◆ **AIM OF THE EXERCISE**
When you reach the line containing "Lemma cover_full : n %/ m < L -> H = setT." in the entries below, begin reproducing lines exactly, and stop once the line containing "have lt_b : pos" is done.

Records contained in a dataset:
┄┄┄┄┄┄┄┄┄┄┄┄┄┄┄┄┄┄┄┄
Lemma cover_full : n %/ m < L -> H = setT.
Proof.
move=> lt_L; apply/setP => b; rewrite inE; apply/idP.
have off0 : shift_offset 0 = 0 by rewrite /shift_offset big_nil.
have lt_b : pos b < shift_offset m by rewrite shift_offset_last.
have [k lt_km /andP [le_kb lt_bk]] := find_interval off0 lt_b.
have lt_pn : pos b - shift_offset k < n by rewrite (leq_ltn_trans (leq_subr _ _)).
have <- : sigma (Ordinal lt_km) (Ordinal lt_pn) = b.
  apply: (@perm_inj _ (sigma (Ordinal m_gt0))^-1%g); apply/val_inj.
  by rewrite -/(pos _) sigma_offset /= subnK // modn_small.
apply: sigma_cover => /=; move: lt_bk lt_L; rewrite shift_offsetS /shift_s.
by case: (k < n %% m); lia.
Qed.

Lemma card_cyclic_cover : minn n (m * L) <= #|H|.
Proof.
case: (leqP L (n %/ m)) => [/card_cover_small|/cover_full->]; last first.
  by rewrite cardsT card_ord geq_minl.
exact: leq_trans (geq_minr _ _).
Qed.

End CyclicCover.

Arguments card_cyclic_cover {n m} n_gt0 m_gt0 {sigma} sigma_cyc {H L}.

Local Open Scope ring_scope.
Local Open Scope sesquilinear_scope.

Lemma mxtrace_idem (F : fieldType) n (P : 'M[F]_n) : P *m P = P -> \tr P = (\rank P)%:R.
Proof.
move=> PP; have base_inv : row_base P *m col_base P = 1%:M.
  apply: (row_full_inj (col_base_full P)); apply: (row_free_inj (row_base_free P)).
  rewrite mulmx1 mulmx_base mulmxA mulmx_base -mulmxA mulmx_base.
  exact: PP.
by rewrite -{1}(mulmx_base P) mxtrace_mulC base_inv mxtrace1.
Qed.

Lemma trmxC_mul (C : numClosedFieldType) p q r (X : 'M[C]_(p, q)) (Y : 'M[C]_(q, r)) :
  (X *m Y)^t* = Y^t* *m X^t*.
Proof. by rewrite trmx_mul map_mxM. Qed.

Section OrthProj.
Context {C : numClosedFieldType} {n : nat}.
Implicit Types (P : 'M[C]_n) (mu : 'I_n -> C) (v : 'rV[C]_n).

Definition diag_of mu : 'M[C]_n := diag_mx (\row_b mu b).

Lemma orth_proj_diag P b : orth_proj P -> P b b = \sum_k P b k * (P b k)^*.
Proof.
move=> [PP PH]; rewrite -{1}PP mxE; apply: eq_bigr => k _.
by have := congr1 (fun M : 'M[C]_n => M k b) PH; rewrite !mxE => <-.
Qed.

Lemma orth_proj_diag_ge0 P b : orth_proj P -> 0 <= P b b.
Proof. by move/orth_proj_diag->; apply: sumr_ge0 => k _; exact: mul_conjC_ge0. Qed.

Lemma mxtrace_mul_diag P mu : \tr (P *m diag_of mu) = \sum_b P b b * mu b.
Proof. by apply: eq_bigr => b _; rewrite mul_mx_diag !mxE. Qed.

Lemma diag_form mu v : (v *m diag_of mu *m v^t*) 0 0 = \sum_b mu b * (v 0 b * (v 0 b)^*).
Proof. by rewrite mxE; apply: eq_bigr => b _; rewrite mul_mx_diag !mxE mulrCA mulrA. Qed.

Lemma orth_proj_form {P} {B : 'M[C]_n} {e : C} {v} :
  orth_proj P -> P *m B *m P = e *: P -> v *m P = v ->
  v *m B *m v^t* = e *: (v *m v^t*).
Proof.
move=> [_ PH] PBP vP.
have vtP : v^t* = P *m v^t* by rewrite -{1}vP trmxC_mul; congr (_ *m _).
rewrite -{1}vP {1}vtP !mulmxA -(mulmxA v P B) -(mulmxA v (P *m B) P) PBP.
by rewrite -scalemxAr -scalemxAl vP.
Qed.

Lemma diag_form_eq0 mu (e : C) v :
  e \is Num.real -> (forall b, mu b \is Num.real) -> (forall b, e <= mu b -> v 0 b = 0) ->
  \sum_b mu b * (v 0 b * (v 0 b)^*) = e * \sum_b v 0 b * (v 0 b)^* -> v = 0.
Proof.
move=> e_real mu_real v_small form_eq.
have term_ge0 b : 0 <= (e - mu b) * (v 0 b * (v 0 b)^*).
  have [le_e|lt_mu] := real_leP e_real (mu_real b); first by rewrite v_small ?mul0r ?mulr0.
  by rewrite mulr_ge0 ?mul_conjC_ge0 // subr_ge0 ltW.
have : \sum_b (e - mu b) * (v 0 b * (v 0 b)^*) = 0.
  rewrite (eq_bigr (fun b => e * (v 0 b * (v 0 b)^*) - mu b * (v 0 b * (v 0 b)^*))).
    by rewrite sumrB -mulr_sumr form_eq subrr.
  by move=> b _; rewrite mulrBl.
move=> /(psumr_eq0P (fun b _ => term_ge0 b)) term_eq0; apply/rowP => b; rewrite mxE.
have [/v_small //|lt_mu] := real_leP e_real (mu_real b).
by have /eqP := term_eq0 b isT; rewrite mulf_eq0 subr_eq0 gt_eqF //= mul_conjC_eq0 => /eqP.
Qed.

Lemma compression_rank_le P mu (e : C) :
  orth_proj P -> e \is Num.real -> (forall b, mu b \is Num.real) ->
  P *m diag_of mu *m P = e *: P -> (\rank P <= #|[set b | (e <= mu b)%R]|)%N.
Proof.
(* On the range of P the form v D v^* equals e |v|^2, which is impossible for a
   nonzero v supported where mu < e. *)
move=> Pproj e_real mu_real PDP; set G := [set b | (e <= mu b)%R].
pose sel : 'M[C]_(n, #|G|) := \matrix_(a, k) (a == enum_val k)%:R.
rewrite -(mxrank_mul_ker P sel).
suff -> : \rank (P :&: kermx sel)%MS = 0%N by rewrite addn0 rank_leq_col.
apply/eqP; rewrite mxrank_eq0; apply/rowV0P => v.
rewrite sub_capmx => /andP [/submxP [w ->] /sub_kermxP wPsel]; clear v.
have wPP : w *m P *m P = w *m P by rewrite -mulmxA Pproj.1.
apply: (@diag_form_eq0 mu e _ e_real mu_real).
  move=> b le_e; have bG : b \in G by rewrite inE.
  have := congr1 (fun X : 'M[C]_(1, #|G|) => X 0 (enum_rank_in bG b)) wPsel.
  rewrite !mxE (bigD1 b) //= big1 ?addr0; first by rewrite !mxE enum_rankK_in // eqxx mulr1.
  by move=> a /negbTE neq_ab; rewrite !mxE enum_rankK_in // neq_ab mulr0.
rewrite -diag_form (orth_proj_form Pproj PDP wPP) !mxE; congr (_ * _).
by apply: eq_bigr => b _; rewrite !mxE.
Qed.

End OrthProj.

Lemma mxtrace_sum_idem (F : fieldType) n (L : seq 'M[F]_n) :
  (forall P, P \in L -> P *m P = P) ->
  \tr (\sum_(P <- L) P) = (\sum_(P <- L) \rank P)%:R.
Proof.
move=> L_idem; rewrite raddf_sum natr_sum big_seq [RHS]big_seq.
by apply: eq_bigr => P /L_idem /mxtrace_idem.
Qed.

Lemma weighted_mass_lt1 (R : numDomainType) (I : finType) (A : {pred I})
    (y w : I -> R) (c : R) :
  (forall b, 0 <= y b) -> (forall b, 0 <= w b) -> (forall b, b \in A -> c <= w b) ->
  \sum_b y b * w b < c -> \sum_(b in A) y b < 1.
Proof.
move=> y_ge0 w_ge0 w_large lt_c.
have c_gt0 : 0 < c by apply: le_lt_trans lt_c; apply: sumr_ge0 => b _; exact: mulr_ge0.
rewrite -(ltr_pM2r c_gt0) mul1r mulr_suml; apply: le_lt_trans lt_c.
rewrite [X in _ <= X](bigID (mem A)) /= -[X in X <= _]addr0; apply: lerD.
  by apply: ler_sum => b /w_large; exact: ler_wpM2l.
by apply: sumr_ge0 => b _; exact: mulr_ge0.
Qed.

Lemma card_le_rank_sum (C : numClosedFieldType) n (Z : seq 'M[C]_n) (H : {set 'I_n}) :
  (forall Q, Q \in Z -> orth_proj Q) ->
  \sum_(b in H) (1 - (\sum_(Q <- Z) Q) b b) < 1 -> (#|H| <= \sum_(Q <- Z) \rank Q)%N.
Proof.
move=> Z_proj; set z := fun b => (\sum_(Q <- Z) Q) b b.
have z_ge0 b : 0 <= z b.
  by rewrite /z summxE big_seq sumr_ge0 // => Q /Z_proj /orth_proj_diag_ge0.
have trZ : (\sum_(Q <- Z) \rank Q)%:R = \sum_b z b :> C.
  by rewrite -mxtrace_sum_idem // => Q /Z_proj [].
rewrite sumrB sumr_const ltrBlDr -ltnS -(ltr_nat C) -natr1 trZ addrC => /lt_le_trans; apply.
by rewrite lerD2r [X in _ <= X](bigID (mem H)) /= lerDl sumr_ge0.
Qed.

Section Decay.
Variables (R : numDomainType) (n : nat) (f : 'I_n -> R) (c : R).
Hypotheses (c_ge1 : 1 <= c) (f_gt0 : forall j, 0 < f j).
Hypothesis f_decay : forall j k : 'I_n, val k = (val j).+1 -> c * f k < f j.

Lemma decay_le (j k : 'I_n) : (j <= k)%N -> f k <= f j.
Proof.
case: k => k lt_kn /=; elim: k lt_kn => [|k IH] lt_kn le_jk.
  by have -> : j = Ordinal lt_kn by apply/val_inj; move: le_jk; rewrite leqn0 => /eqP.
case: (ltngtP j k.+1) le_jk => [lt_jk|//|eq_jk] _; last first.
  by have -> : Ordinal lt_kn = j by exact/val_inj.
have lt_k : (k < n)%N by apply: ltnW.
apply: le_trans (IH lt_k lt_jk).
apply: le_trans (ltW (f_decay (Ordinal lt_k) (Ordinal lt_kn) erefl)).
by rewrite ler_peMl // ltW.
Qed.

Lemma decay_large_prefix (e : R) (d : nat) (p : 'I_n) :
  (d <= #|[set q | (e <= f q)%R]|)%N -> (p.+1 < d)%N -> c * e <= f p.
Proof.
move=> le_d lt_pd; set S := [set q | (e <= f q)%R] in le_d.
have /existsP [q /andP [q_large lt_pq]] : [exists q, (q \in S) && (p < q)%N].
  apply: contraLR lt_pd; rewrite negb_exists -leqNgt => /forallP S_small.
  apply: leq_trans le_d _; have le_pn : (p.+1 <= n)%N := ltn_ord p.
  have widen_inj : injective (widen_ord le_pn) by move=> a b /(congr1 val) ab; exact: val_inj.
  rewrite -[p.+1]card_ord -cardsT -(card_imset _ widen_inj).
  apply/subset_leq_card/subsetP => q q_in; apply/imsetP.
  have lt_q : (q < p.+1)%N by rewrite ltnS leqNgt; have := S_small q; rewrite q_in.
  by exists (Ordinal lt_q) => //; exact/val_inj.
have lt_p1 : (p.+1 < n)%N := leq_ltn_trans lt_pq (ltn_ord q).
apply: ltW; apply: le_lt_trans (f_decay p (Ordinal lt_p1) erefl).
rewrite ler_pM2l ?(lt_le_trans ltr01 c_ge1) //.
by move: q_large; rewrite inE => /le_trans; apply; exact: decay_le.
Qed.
┄┄┄┄┄┄┄┄┄┄┄┄┄┄┄┄┄┄┄┄
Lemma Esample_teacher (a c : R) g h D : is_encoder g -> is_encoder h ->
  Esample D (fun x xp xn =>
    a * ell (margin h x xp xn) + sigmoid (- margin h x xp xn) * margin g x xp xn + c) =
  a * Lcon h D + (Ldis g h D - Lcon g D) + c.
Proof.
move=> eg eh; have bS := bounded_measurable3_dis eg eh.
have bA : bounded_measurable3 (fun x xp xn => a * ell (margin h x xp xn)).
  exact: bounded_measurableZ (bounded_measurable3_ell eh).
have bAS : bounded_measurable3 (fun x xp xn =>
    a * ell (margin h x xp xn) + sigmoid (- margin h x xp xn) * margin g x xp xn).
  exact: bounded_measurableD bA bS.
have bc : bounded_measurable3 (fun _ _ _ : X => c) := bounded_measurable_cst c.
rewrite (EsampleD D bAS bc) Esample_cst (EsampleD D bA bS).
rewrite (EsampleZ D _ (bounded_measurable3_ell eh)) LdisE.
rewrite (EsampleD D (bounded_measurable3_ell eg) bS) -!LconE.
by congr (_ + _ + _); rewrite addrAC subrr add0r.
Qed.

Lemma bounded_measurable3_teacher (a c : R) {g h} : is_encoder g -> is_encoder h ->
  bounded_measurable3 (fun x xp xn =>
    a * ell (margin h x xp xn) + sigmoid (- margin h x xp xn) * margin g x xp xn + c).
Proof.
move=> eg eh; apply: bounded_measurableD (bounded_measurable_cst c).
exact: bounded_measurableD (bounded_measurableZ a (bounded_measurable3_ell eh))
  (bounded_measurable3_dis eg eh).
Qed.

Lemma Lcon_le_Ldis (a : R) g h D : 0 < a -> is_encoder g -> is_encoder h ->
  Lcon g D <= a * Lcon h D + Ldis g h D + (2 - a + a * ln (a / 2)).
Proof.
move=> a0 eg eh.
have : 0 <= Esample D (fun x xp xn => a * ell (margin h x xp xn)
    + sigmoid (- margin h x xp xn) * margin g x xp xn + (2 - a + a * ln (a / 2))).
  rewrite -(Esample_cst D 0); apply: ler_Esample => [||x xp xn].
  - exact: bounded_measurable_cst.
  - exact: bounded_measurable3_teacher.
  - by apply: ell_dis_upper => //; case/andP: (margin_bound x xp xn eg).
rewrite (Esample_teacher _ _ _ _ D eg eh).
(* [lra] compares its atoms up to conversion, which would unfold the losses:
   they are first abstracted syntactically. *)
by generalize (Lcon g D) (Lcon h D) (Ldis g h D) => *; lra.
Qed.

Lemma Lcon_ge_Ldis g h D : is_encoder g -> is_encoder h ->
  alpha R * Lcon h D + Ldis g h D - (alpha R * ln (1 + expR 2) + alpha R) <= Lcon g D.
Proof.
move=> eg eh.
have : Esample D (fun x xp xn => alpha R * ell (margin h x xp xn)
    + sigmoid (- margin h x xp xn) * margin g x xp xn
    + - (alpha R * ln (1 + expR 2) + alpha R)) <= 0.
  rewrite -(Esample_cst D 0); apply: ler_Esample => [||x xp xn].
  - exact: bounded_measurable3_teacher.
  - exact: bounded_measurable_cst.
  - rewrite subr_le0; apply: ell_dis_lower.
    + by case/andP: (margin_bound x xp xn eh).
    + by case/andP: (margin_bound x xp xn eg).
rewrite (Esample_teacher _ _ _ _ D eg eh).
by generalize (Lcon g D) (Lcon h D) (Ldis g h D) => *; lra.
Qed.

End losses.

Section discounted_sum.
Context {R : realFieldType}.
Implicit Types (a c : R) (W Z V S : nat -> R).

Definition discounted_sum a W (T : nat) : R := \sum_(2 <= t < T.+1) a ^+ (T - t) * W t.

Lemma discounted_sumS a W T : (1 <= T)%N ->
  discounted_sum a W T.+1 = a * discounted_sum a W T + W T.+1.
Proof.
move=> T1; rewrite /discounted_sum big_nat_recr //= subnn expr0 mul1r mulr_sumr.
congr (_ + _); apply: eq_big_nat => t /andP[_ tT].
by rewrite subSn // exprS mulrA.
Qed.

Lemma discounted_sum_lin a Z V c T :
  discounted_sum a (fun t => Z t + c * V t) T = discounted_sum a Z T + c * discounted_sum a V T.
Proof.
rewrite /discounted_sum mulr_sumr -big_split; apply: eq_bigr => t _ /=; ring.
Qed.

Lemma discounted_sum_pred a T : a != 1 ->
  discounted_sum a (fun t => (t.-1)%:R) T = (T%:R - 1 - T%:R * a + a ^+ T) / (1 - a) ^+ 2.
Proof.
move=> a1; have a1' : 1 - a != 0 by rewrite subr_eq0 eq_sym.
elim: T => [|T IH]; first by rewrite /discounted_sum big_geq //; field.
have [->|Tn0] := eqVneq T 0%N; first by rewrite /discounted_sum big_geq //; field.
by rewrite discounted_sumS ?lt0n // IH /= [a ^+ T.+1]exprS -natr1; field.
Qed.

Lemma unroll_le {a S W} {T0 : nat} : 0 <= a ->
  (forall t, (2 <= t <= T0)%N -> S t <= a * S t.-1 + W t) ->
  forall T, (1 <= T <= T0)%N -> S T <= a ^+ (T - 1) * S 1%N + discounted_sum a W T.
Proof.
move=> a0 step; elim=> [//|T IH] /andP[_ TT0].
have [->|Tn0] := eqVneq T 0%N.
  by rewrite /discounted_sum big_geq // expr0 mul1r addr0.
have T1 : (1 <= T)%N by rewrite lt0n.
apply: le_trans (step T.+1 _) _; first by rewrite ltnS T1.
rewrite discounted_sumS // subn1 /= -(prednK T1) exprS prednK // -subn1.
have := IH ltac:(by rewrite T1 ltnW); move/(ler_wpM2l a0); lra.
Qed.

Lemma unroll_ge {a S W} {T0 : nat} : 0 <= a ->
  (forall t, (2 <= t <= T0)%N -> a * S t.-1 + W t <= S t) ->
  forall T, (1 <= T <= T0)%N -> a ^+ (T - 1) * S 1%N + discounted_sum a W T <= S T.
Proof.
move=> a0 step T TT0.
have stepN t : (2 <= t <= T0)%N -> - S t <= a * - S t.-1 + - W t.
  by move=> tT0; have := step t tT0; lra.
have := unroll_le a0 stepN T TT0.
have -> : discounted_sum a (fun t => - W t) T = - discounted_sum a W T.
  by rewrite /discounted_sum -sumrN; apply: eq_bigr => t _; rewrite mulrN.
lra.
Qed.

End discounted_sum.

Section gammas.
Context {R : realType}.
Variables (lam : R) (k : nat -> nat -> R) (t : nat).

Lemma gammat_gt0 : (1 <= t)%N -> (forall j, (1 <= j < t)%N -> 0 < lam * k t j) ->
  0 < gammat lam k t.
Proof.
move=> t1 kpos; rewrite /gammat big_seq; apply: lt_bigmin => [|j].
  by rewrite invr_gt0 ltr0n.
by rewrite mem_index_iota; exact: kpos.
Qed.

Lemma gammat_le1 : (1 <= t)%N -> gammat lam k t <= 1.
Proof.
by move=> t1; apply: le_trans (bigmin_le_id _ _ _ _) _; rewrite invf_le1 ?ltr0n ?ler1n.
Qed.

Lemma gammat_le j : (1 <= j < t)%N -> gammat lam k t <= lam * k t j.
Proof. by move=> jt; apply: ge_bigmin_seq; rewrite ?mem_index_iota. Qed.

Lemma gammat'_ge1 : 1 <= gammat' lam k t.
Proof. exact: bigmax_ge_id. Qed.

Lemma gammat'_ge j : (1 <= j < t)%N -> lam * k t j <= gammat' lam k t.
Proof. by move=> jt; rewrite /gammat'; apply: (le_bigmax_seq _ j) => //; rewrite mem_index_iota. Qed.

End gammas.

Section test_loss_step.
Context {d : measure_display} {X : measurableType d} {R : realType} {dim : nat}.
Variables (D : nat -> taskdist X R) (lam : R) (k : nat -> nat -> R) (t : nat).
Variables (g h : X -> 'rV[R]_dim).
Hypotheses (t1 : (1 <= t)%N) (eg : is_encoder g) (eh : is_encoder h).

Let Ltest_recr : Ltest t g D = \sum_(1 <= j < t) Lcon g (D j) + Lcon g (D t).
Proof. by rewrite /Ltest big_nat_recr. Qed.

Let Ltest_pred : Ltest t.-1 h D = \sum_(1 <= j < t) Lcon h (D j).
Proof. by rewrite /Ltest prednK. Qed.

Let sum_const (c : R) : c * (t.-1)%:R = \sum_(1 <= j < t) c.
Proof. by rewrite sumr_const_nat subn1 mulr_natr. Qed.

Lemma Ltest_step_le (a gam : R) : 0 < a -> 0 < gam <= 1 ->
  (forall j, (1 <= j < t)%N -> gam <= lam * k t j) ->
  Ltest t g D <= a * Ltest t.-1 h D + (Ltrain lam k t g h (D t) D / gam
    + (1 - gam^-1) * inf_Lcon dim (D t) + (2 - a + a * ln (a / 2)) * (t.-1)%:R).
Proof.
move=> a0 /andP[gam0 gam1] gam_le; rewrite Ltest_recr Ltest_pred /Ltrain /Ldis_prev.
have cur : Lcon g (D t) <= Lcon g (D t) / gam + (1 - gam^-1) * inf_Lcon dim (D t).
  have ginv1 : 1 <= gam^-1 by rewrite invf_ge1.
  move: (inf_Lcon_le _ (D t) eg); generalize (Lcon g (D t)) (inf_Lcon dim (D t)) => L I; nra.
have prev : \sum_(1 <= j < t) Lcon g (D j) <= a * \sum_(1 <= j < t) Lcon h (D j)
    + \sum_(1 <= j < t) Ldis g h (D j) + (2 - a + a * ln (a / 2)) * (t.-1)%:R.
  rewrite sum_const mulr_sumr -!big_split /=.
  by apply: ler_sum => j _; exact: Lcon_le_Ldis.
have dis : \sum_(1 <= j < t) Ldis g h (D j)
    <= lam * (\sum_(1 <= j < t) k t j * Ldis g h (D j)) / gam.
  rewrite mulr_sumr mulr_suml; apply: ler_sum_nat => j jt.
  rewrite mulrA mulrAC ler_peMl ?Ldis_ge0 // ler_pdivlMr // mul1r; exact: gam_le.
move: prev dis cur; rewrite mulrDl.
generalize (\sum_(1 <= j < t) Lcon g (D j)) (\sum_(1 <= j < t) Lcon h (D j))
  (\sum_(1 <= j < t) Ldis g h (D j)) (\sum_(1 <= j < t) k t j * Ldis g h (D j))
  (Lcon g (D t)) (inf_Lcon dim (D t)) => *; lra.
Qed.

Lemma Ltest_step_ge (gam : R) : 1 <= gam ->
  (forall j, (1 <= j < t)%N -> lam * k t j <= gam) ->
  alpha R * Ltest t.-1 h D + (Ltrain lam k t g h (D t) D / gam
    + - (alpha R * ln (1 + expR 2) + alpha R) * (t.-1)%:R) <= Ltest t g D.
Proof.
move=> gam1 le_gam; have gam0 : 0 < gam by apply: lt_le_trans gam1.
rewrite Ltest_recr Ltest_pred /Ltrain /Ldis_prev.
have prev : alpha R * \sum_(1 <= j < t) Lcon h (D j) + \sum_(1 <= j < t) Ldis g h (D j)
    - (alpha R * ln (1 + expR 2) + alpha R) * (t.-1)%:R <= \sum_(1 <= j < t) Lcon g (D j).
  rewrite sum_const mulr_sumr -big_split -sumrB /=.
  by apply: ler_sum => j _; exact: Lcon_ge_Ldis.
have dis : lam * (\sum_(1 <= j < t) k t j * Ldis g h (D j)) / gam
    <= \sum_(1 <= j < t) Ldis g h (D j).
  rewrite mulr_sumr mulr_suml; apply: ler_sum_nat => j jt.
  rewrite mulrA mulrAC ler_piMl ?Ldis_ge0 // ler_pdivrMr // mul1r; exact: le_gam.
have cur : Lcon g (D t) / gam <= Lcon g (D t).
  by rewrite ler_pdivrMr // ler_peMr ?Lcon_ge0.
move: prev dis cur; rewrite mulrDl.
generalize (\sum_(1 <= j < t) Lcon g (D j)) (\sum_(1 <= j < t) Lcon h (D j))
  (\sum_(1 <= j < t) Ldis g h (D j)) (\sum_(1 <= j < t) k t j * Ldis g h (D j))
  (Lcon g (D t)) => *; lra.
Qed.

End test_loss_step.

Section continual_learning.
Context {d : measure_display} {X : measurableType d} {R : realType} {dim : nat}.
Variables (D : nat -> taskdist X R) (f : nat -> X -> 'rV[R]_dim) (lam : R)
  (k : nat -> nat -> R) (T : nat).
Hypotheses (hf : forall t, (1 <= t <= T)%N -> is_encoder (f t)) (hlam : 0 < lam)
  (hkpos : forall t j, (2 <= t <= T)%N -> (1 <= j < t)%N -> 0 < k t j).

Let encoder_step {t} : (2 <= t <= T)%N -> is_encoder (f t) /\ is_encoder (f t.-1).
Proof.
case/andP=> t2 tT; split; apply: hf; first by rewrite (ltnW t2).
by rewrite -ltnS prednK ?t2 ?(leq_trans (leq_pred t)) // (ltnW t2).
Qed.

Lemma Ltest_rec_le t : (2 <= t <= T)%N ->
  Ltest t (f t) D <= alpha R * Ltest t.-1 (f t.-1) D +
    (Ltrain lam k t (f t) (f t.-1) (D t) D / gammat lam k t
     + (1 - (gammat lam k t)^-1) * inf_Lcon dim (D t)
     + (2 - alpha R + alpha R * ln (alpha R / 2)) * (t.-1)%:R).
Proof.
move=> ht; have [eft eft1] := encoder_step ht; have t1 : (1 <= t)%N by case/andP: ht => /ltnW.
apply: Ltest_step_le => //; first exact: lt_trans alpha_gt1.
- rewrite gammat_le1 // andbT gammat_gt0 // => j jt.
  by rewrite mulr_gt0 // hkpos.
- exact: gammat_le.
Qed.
┄┄┄┄┄┄┄┄┄┄┄┄┄┄┄┄┄┄┄┄
◆ **EXERCISE OUTPUT**
Lemma cover_full : n %/ m < L -> H = setT.
Proof.
move=> lt_L; apply/setP => b; rewrite inE; apply/idP.
have off0 : shift_offset 0 = 0 by rewrite /shift_offset big_nil.
have lt_b : pos b < shift_offset m by rewrite shift_offset_last.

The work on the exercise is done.